The following is part of a series on the different aspects of disk I/O performance and optimization for Oracle databases. Each tip is excerpted from the not-yet-released Rampant TechPress book, "Oracle disk I/O tuning," by Mike Ault. Check back to the main series page for upcoming installments.
ATA tuning in Linux
You will be happy to know that Linux is specifically designed (as are other true "UNIXs", SCO not included) to not fragment hard drives. Fragmentation is reduced in Linux over Windows by usually more than 98 percent and is usually not a concern.
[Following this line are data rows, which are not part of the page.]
Lemma indep_card_basis B A :
  is_basis I B -> A \in I -> (#|B| <= #|A|)%N -> is_basis I A.
Proof.
case: matroidI => _ _ augment B_basis AI leBA; split=> // A' A'I sAA'.
apply/eqP; rewrite eq_sym eqEcard sAA' leqNgt; apply/negP => ltAA'.
have [z] := augment _ _ B_basis.1 A'I (leq_ltn_trans leBA ltAA').
rewrite inE => /andP[zNB _] /(basis_mem_of_indep B_basis); exact/negP.
Qed.

Lemma basis_exchange B1 B2 x :
  is_basis I B1 -> is_basis I B2 -> x \in B1 -> x \notin B2 ->
  exists2 y, y \in B2 :\: B1 & is_basis I (y |: (B1 :\ x)).
Proof.
move=> B1_basis B2_basis xB1 xNB2.
have [_ subI augment] := matroidI.
have cardB1x : #|B1 :\ x| = #|B1|.-1 by rewrite (cardsD1 x B1) xB1.
have B1_gt0 : (0 < #|B1|)%N by apply/card_gt0P; exists x.
have [|y] := augment _ _ (subI _ _ B1_basis.1 (subD1set B1 x)) B2_basis.1.
  by rewrite cardB1x -(card_basis B1_basis B2_basis) ltn_predL.
rewrite !inE => /andP[yNB1x yB2] yB1xI.
have yx : y != x by apply: contraNneq xNB2 => <-.
have yNB1 : y \notin B1 by move: yNB1x; rewrite yx.
exists y; first by rewrite inE yNB1.
apply: indep_card_basis B1_basis yB1xI _.
by rewrite cardsU1 !inE yx yNB1 cardB1x add1n prednK.
Qed.

End MatroidBases.

Section SetExchange.
Variable E : finType.
Implicit Types (A B : {set E}) (x y : E).

Lemma setD_exchangel A B x y : y \in B -> (y |: (A :\ x)) :\: B = (A :\: B) :\ x.
Proof.
move=> yB; apply/setP => z; rewrite !inE.
by case: (eqVneq z y) => [->|]; rewrite ?yB ?andbF //= andbCA.
Qed.

Lemma setD_exchanger A B x y : y \notin A -> A :\: (x |: (B :\ y)) = (A :\: B) :\ x.
Proof.
move=> yNA; apply/setP => z; rewrite !inE negb_or negb_and negbK.
by case: (eqVneq z y) => [->|] /=; rewrite ?(negbTE yNA) ?andbF // -andbA.
Qed.

Lemma exchangeK B x y : y \in B -> x \notin B -> y |: ((x |: (B :\ y)) :\ x) = B.
Proof.
move=> yB xNB; apply/setP => z; rewrite !inE.
case: (eqVneq z y) => [->|] //=; case: (eqVneq z x) => [->|] //=.
by rewrite (negbTE xNB).
Qed.

Lemma card_setD1_lt A x : x \in A -> (#|A :\ x| < #|A|)%N.
Proof. by move=> xA; rewrite (cardsD1 x A) xA. Qed.

End SetExchange.

Section MinimumWeightBases.
Variables (E : finType) (R : realType) (I : {set {set E}}).
Implicit Types (W : E -> R) (B S : {set E}).

Lemma eq_setweight W1 W2 S : W1 =1 W2 -> setweight W1 S = setweight W2 S.
Proof. by move=> eqW; apply: eq_bigr => e _. Qed.

Lemma eq_MWB W1 W2 B : W1 =1 W2 -> is_MWB I W1 B -> is_MWB I W2 B.
Proof.
move=> eqW [B_basis minB]; split=> // B' B'_basis.
by rewrite -!(eq_setweight _ eqW); apply: minB.
Qed.

Lemma setweight_sub W B1 B2 :
  setweight W B2 - setweight W B1 = setweight W (B2 :\: B1) - setweight W (B1 :\: B2).
Proof.
rewrite /setweight (big_setID B1 (A := B2)) (big_setID B2 (A := B1)) /= setIC.
lra.
Qed.

Lemma setweight_exchange W B f g : f \in B -> g \notin B ->
  setweight W (g |: (B :\ f)) = setweight W B - W f + W g.
Proof.
move=> fB gNB; rewrite /setweight (big_setD1 f fB) big_setU1 /=; last first.
  by rewrite !inE (negbTE gNB) andbF.
lra.
Qed.

Lemma MWB_exchange_le W B f g : is_MWB I W B -> f \in B -> g \notin B ->
  is_basis I (g |: (B :\ f)) -> W f <= W g.
Proof.
move=> [_ minB] fB gNB /minB; rewrite setweight_exchange //; lra.
Qed.

Lemma MWB_exchange W B f g : is_MWB I W B -> f \in B -> g \notin B ->
  is_basis I (g |: (B :\ f)) -> W f = W g -> is_MWB I W (g |: (B :\ f)).
Proof.
move=> [_ minB] fB gNB B'_basis eqWfg; split=> // B2 /minB.
rewrite setweight_exchange // eqWfg; lra.
Qed.

End MinimumWeightBases.

Section Verification.
Variables (E : finType) (R : realType) (I : {set {set E}}) (L U w : E -> R).
Hypothesis L_le_U : forall e, L e <= U e.
Hypothesis w_area : forall e, area L U e (w e).
Implicit Types (Q B : {set E}) (v : E -> R).

Lemma area_ge e x : area L U e x -> L e <= x.
Proof. by case=> ->. Qed.

Lemma area_le e x : area L U e x -> x <= U e.
Proof. by case=> ->. Qed.

(* The assignment consistent with Q that is least favourable to B. *)
Definition worst_case Q B e : R :=
  if e \in Q then w e else if e \in B then U e else L e.

Lemma worst_case_consistent Q B : consistent L U w Q (worst_case Q B).
Proof.
split=> e; rewrite /worst_case; last by move->.
by case: ifP => _ //; case: ifP => _; [right | left].
Qed.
However, Linux takes any default drive interface settings where implemented by the developer of the ATA kernel module that interfaces to your EIDE/ATA disk drive. At the time the driver was written, no doubt the drives were inferior to what you are currently running, not to mention it may have been written with old interface drivers as well. Fear not! Linux provides the hdparm utility to reset the values for the ATA interface to take advantage of new drives and better interfaces. Thus, if you want to tune the ATA drives in Linux use hdparm. In some cases, the disk IO rate increased by nearly 500 percent (a factor of 5) over pre-tuned values by the proper application of the hdparm application parameters. The basic tuning related arguments for hdparm are:
When no flags are given, acdgkmnru is assumed.
- -a - Get/set sector count for file system read-ahead. This is used to improve performance in sequential reads of large files by pre-fetching additional blocks in anticipation of them being needed by the running task. In the current kernel version (2.0.10), this has a default setting of 8 sectors (4KB). This value seems good for most purposes, but in a system where most file accesses are random seeks, a smaller setting might provide better performance. Also, many IDE drives have a separate built-in read-ahead function, which alleviates the need for a file system read-ahead in many situations.
- -A - Disable/enable the IDE drive's read-look ahead feature (usually ON by default).
- -B - Set Advanced Power Management feature, if the drive supports it. A low value means aggressive power management and a high value means better performance. A value of 255 will disable apm (automatic power management) on the drive. When a drive spins down due to reaching its apm timeout, it may take up to 30 seconds to respond to the first request after the timeout.
- -c - Query/enable (E) IDE 32-bit I/O support. A numeric parameter can be used to enable/disable 32-bit I/O support: Currently supported values include 0 to disable 32-bit I/O support (sets it to 16 bit), 1 to enable 32-bit data transfers, and 3 to enable 32-bit data transfers with a special sync sequence required by many chipsets. The value 3 works with nearly all 32-bit IDE chipsets, but incurs slightly more overhead. Note that "32-bit" refers to data transfers across a PCI or VLB bus to the interface card only; all (E)IDE drives still have a 16-bit connection over the ribbon cable from the interface card.
- -d - Disable/enable the "using_dma" flag for this drive. This option now works with most combinations of drives and PCI interfaces, which support DMA and which are known to the IDE driver. It is also a good idea to use the appropriate -X option in combination with -d1 to ensure the drive itself is programmed for the correct DMA mode, although most BIOSs should do this for you at boot time. Using DMA nearly always gives the best performance, with fast I/O throughput and low CPU usage. But there are at least a few configurations of chipsets and drives for which DMA does not make much of a difference, or may even slow things down (on really messed up hardware!). Your mileage may vary.
- -f - Sync and flush the buffer cache for the device on exit. This operation is also performed as part of the -t and -T timings.
- -g - Display the drive geometry (cylinders, heads, sectors), the size (in sectors) of the device, and the starting offset (in sectors) of the device from the beginning of the drive.
- -i - Display the identification info that was obtained from the drive at boot time, if available. This is a feature of modern IDE drives and may not be supported by older devices. The data returned may or may not be current, depending on activity since booting the system. However, the current multiple sector mode count is always shown. For a more detailed interpretation of the identification info, refer to ATA attachment Interface for Disk Drives (ANSI ASC X3T9.2 working draft, revision 4a, April 19/93).
- -I - Request identification info directly from the drive, which is displayed in a new expanded format with considerably more detail than with the older -i flag. There is a special "no seatbelts" variation on this option, -Istdin, which cannot be combined with any other options, and which accepts a drive identification block as standard input instead of using a /dev/hd* parameter. The format of this block must be exactly the same as that found in the /proc/ide/*/hd*/identify "files". This variation is designed for use with "libraries" of drive identification information and can also be used on ATAPI drives, which may give media errors with the standard mechanism.